Lemma mnm_ofK n : cancel (@mnm_of n) (@midx_of n).
Proof. by move=> a; apply/ffunP => i; rewrite ffunE mnmE. Qed.

Lemma midx_ofK n : cancel (@midx_of n) (@mnm_of n).
Proof. by move=> k; apply/mnmP => i; rewrite mnmE ffunE. Qed.

Lemma ltn_mbnd n (m : midx n) i : (m i < (mbnd m).+1)%N.
Proof. by rewrite ltnS; apply: (@leq_bigmax _ (fun i => m i)). Qed.

Lemma mnm_le_mnm_of n (m : midx n) : mnm_le m (mnm_of m).
Proof. by move=> i; rewrite mnmE. Qed.

Lemma inord_inordK K1 K2 (x : 'I_K2.+1) :
  (inord (inord x : 'I_K1.+1) : 'I_K2.+1) = x -> ((inord x : 'I_K1.+1) : nat) = x.
Proof.
move=> e; case: (leqP x K1) => h; first by rewrite inordK.
have x0 : (inord x : 'I_K1.+1) = ord0.
  by apply/val_inj; rewrite /= /inord /insubd insubF //= ltnS leqNgt h.
by move: e h; rewrite x0 => <-; rewrite /= inordK.
Qed.

(* [smul] sums over a box whose size depends on the index; any box containing
   the index gives the same sum. *)
Lemma sum_box_le_indep n (F : midx n -> rat) (c : midx n) K1 K2 :
  (forall i, c i < K1.+1)%N -> (forall i, c i < K2.+1)%N ->
  \sum_(a : {ffun 'I_n -> 'I_K1.+1} | [forall i, (a i <= c i)%N]) F (box_val a) =
  \sum_(a : {ffun 'I_n -> 'I_K2.+1} | [forall i, (a i <= c i)%N]) F (box_val a).
Proof.
move=> c1 c2.
pose resize K K' (a : {ffun 'I_n -> 'I_K.+1}) : {ffun 'I_n -> 'I_K'.+1} :=
  [ffun i => inord (a i)].
rewrite (reindex_onto (resize K2 K1) (resize K1 K2)) => [|a /forallP ac]; last first.
  apply/ffunP => i; apply/val_inj; rewrite !ffunE /=.
  by rewrite (@inordK K2 (a i)) ?inordK // (leq_ltn_trans (ac i)).
apply: eq_big => [b|b /andP[_ /eqP bK]]; last first.
  congr F; apply/ffunP => i; rewrite !ffunE.
  by move/ffunP: bK => /(_ i); rewrite !ffunE => /inord_inordK.
apply/andP/forallP => [[/forallP bc /eqP bK] i|bc].
  move/ffunP: bK => /(_ i); rewrite !ffunE => /inord_inordK bi.
  by have := bc i; rewrite ffunE bi.
have bi i : ((inord (b i) : 'I_K1.+1) : nat) = b i.
  by rewrite inordK // (leq_ltn_trans (bc i)).
split; first by apply/forallP => i; rewrite ffunE bi.
by apply/eqP/ffunP => i; apply/val_inj; rewrite !ffunE /= bi inordK.
Qed.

◆ **WHAT IS EXPECTED**
For this exercise, the answer is the lines from the one containing "by move/ffunP: bK" through the end of the listing above, reproduced exactly.

◆ **RESPONSE TO THE TASK**
  by move/ffunP: bK => /(_ i); rewrite !ffunE => /inord_inordK.
apply/andP/forallP => [[/forallP bc /eqP bK] i|bc].
  move/ffunP: bK => /(_ i); rewrite !ffunE => /inord_inordK bi.
  by have := bc i; rewrite ffunE bi.
have bi i : ((inord (b i) : 'I_K1.+1) : nat) = b i.
  by rewrite inordK // (leq_ltn_trans (bc i)).
split; first by apply/forallP => i; rewrite ffunE bi.
by apply/eqP/ffunP => i; apply/val_inj; rewrite !ffunE /= bi inordK.
Qed.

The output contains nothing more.